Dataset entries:
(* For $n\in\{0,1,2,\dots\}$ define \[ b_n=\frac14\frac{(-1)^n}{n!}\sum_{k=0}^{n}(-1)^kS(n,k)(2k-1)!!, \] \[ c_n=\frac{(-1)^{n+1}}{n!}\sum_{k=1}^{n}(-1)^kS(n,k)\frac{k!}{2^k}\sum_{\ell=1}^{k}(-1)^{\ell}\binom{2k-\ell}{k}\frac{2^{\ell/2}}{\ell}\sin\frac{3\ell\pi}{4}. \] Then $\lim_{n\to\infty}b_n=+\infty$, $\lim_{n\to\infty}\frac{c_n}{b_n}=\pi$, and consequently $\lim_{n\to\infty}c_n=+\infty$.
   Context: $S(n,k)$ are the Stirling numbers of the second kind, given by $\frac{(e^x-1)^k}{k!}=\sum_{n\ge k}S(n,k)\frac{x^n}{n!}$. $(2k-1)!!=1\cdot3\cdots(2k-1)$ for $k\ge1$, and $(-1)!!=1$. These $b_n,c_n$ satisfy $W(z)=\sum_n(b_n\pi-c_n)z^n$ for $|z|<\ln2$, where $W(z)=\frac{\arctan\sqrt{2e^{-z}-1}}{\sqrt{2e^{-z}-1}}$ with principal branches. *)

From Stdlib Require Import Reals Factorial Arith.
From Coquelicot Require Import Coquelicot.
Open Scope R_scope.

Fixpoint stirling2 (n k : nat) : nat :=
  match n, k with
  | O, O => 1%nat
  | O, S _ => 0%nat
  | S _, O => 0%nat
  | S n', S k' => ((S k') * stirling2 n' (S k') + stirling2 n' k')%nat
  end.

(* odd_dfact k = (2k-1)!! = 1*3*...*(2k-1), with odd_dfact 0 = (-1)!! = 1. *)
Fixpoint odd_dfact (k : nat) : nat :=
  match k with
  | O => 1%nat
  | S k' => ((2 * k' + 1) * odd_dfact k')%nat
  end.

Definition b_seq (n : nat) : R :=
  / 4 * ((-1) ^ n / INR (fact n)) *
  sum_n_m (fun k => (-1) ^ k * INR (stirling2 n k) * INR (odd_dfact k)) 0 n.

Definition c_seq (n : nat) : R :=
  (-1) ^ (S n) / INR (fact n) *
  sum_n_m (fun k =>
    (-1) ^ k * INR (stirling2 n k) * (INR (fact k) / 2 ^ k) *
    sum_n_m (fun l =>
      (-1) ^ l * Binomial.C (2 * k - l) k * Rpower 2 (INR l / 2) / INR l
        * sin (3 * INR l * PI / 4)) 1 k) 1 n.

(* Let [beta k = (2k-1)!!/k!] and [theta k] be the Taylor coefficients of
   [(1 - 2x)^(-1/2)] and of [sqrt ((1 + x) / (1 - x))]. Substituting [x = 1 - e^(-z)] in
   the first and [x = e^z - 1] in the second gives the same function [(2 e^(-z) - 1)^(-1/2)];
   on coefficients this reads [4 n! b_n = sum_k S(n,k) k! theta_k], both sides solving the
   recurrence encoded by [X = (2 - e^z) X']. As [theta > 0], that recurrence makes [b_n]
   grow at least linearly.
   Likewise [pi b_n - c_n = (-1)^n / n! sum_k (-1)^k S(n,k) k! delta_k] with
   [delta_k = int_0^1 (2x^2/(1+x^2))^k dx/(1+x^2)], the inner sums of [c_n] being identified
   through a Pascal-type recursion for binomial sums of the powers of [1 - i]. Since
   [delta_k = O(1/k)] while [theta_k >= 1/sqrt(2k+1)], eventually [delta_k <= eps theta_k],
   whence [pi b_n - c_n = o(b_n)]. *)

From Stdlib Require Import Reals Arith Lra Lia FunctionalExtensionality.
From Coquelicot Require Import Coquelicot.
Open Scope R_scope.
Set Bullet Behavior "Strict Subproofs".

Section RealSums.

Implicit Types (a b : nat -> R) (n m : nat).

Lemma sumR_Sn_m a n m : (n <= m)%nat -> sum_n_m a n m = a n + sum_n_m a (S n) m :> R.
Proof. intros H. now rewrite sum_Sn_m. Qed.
--
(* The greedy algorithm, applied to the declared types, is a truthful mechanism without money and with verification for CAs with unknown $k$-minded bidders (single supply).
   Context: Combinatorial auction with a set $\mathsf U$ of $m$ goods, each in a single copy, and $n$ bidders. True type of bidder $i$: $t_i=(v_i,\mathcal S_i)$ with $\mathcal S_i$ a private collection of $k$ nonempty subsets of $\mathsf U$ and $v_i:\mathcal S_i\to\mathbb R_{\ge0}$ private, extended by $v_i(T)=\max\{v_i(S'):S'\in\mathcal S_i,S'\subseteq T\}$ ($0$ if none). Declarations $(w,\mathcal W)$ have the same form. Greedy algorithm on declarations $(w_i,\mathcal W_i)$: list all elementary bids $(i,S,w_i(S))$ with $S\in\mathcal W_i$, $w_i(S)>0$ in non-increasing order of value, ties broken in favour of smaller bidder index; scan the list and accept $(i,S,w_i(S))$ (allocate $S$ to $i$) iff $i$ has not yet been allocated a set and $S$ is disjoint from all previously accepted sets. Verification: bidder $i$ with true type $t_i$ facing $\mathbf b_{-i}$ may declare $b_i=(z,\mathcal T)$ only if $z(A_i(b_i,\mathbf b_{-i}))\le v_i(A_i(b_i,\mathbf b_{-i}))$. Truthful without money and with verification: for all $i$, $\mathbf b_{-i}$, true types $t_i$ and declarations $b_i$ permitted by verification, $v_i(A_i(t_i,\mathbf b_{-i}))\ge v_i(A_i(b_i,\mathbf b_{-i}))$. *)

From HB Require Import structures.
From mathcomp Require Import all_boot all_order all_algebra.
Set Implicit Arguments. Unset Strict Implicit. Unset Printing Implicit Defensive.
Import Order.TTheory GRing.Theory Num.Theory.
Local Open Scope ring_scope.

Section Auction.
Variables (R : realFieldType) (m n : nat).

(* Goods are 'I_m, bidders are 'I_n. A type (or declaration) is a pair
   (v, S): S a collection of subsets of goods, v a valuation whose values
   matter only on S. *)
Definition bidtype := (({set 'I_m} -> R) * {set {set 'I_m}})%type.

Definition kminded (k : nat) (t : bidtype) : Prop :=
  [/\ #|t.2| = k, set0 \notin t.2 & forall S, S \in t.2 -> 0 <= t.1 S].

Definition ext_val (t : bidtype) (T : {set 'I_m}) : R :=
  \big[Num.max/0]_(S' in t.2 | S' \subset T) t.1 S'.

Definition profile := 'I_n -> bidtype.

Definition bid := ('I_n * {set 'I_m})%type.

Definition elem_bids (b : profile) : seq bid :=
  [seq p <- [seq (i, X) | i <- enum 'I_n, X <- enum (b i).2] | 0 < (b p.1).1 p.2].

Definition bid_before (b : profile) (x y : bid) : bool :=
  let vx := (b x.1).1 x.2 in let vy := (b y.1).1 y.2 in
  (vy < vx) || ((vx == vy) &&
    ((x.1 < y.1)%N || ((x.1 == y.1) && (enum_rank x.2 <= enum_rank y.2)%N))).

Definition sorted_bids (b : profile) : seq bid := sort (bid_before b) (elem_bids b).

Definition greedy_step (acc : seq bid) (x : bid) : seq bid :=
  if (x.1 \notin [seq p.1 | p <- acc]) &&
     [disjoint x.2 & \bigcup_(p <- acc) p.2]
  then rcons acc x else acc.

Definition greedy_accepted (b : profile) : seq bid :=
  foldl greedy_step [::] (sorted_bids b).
--
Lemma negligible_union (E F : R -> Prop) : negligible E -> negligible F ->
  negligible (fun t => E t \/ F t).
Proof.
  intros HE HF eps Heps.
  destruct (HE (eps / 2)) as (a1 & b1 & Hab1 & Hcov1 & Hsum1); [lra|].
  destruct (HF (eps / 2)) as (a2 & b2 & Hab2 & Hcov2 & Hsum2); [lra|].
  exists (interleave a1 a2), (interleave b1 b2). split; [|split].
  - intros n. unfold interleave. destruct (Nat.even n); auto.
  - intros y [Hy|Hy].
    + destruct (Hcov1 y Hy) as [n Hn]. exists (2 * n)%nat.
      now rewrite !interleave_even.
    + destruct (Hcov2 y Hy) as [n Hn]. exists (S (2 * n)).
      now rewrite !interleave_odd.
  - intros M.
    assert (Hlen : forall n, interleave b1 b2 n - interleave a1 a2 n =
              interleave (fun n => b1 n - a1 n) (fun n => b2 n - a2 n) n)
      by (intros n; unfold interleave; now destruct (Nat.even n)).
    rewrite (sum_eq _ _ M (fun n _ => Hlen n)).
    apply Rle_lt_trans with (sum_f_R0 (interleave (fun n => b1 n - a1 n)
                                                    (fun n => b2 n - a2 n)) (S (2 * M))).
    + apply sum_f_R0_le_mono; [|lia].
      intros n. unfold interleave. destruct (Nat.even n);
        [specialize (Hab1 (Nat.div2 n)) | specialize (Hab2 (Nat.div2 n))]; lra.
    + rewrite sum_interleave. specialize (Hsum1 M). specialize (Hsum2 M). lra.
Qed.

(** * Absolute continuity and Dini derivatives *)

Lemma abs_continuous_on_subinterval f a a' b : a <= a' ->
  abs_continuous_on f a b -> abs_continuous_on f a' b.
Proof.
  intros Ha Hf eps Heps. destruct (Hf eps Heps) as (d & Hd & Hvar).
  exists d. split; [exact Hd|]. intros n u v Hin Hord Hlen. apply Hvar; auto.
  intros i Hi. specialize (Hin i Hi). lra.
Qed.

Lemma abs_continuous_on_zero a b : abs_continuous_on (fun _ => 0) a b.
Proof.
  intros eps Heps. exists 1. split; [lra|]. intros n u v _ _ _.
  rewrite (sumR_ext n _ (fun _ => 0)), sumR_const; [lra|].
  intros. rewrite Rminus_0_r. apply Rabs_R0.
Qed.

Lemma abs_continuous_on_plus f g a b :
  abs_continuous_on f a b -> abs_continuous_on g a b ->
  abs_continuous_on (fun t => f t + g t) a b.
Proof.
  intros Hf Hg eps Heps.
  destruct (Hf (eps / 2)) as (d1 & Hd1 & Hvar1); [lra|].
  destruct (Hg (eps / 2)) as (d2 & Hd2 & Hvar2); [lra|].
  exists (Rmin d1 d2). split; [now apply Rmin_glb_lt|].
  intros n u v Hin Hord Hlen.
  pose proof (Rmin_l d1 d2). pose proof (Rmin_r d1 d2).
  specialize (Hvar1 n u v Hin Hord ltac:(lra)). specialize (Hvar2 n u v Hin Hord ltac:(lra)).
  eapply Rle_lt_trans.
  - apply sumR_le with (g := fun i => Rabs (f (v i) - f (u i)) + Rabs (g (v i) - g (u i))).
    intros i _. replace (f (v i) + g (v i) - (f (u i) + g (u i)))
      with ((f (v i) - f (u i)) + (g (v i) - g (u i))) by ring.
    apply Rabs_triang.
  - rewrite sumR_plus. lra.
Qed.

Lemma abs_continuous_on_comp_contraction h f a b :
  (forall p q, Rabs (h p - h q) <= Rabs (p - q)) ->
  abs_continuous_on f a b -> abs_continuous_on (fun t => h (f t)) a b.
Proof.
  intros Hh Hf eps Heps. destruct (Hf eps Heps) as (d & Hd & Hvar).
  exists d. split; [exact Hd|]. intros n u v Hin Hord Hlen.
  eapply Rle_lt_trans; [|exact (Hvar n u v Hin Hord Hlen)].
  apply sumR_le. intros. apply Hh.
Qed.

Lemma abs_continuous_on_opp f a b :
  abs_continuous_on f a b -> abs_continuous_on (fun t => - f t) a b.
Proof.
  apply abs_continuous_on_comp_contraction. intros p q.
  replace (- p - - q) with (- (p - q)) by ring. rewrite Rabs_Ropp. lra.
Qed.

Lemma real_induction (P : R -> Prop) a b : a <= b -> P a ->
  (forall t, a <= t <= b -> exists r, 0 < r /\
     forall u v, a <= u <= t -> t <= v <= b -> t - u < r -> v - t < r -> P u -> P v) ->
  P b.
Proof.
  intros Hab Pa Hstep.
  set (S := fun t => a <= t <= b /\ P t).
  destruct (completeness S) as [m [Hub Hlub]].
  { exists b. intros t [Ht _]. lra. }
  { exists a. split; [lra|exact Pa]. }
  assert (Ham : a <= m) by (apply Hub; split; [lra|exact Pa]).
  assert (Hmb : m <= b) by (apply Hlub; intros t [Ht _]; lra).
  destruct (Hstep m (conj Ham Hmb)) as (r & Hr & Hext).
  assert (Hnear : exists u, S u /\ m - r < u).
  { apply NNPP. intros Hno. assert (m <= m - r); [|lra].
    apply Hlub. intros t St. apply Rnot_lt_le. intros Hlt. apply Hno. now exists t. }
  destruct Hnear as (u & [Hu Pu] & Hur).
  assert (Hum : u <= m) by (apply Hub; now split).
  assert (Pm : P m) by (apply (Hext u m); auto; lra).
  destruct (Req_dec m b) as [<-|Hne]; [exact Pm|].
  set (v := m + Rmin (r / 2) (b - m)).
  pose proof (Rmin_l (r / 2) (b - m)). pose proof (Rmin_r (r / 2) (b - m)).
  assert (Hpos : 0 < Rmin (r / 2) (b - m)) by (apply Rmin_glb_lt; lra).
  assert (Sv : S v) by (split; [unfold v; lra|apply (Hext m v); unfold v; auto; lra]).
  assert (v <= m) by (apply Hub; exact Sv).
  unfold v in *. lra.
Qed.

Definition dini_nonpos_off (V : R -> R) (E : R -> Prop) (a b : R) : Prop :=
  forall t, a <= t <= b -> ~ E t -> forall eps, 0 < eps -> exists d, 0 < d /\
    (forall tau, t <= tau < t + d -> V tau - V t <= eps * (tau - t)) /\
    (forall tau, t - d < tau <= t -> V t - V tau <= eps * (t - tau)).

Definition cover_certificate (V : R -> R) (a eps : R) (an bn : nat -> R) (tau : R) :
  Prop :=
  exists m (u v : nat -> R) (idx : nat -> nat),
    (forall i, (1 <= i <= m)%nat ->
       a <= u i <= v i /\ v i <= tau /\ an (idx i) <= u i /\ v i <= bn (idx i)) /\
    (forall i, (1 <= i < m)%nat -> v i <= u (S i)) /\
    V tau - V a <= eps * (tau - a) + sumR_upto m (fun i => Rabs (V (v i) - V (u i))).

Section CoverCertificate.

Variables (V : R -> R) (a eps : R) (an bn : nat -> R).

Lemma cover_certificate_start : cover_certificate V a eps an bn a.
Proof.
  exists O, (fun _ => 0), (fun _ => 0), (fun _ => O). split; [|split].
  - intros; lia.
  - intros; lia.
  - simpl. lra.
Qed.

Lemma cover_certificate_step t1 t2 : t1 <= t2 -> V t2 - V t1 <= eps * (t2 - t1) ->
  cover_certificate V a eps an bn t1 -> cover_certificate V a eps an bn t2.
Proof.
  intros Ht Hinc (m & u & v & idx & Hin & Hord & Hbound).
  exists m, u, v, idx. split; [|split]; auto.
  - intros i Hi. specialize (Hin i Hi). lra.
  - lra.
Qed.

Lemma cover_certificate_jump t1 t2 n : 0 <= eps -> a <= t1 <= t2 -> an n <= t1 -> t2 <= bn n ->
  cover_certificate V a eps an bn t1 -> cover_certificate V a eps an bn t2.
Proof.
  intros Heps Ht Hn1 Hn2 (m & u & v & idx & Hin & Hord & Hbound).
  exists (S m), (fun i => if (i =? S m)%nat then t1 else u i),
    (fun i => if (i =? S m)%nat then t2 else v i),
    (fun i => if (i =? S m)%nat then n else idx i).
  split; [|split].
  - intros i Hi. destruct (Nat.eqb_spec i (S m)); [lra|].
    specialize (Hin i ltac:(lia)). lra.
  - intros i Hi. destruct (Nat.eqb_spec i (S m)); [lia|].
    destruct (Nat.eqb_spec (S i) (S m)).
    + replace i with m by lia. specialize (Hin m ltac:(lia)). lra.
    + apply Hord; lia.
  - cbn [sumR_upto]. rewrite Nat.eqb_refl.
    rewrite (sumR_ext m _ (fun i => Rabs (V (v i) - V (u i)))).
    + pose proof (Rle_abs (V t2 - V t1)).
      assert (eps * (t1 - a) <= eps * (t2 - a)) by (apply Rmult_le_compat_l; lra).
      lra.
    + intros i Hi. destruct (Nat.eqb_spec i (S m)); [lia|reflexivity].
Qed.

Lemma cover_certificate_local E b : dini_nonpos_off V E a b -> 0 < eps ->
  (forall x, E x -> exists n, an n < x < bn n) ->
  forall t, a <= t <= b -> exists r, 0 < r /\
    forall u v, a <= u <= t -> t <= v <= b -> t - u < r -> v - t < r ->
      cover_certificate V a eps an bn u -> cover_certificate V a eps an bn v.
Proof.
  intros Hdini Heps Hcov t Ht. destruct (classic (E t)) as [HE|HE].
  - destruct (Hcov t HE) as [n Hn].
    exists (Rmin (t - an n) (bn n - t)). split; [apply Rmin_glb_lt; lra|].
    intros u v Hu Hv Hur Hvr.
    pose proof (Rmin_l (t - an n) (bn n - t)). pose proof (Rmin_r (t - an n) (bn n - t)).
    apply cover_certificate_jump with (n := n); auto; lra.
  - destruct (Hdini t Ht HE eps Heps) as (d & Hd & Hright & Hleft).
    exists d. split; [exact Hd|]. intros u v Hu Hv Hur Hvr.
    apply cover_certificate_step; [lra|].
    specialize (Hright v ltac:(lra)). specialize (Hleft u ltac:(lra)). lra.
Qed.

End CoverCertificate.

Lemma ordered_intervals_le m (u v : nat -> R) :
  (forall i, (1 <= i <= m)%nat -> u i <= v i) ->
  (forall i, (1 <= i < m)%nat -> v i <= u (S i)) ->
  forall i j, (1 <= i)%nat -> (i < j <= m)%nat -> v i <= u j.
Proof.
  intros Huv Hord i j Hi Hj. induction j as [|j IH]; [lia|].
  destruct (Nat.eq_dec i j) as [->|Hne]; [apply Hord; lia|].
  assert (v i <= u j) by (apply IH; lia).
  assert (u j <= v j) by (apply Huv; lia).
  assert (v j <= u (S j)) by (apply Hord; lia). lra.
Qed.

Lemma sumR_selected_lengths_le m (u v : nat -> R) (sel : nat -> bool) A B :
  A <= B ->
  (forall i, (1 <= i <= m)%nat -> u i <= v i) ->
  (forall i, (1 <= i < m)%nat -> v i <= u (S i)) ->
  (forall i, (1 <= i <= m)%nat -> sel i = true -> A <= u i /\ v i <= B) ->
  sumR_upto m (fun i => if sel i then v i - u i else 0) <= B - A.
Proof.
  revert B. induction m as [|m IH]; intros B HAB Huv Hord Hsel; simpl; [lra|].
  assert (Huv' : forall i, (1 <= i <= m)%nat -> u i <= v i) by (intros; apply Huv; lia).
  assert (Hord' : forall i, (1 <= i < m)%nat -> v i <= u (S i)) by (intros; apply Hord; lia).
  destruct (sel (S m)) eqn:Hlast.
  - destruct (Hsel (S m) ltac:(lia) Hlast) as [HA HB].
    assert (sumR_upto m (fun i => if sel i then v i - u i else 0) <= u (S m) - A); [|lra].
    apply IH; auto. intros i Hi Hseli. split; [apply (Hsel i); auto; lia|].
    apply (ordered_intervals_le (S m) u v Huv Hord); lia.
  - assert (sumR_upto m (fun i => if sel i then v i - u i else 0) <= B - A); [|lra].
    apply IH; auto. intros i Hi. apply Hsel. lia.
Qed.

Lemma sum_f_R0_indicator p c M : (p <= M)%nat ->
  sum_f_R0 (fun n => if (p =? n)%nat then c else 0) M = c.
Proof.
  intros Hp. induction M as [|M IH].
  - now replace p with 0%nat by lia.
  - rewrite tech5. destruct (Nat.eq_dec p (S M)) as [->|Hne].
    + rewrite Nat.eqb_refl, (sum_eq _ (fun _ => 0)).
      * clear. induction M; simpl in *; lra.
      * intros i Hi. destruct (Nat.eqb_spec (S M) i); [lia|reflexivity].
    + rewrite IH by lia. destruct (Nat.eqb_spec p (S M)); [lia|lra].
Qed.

### Problem to work on
Please report how many lines in the records contain the string "simpl", and write nothing besides that number.

### Task response
3